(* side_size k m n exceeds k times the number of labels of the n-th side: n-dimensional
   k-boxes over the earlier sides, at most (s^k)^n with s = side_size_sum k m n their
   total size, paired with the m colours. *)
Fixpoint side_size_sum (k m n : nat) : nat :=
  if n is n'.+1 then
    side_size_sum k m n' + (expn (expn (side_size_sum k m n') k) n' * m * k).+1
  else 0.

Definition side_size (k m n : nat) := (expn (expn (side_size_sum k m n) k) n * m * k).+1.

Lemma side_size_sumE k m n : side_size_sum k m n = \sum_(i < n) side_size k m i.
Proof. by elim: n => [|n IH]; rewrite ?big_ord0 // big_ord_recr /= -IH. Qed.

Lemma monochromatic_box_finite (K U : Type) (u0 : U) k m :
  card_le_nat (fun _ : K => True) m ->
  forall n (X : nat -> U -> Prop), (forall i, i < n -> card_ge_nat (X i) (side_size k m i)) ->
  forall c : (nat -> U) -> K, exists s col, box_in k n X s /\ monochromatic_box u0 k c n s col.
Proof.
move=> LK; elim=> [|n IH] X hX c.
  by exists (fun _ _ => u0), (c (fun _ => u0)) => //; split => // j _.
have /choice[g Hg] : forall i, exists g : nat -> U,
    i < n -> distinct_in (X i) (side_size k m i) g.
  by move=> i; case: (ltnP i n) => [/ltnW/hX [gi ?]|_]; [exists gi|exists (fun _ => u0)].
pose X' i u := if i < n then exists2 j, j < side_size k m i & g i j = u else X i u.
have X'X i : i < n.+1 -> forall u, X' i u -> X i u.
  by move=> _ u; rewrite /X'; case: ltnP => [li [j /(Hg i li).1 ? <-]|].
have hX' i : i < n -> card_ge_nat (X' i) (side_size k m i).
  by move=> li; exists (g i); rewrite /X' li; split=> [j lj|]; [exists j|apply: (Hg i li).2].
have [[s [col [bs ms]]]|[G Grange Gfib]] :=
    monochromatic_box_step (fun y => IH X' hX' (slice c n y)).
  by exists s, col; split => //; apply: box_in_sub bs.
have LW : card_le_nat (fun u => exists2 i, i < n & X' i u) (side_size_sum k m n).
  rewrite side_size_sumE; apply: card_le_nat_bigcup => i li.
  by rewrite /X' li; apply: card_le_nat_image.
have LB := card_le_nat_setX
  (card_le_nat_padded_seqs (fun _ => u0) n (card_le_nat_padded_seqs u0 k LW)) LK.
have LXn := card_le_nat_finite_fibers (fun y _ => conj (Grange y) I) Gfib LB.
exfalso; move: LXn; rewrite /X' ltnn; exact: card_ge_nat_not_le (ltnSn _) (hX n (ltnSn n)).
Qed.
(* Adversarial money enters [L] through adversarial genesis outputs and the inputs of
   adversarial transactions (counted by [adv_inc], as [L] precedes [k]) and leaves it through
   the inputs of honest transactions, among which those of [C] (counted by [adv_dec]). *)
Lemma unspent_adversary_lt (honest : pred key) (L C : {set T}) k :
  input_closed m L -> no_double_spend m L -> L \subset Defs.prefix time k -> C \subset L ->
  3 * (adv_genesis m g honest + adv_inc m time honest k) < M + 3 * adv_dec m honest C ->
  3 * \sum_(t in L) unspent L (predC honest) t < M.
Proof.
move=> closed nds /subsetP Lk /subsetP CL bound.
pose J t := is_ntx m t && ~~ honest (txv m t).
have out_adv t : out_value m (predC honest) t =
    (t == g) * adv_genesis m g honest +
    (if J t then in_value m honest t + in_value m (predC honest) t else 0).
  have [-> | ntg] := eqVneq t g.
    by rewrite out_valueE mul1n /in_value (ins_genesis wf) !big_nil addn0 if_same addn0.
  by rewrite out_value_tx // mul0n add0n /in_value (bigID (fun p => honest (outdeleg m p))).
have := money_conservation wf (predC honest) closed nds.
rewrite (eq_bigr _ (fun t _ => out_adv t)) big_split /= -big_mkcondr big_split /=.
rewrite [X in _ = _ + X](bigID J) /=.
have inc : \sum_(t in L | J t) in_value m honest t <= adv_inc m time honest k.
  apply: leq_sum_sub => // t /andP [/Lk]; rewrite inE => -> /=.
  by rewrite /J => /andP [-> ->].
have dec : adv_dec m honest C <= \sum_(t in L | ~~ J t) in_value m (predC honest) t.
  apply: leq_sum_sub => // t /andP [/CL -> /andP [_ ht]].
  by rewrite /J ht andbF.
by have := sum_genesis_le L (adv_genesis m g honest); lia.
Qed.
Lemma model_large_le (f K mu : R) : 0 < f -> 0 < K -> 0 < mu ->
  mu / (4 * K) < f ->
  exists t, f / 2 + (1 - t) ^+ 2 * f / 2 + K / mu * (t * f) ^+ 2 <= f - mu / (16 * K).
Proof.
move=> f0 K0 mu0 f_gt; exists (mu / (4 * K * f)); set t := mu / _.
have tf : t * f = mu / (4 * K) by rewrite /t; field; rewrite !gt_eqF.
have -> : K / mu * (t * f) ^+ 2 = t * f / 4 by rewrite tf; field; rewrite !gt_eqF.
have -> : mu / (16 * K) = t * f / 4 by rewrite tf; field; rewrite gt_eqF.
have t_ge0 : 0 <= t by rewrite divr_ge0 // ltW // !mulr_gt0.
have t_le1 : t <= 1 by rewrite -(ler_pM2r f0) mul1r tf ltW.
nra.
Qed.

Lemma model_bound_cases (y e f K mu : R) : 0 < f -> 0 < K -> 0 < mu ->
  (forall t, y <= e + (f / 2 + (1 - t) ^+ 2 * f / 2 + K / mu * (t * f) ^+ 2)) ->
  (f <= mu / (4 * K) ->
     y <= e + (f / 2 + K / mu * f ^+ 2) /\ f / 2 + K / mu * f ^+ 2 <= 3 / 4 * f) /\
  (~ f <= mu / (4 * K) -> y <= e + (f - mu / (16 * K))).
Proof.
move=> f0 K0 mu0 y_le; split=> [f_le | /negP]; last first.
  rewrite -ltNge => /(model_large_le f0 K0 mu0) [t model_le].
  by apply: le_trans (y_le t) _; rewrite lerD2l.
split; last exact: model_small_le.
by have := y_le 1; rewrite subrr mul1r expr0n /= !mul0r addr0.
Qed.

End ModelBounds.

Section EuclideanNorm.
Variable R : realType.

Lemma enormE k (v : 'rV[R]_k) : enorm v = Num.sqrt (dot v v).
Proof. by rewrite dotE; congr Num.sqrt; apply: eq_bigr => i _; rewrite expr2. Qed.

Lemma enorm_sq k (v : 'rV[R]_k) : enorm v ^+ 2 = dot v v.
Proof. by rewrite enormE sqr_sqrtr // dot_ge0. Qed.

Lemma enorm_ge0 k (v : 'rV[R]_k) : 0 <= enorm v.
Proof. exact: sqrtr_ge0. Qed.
++++++
Copy each line of the records containing the string "pose".

pose X' i u := if i < n then exists2 j, j < side_size k m i & g i j = u else X i u.
pose J t := is_ntx m t && ~~ honest (txv m t).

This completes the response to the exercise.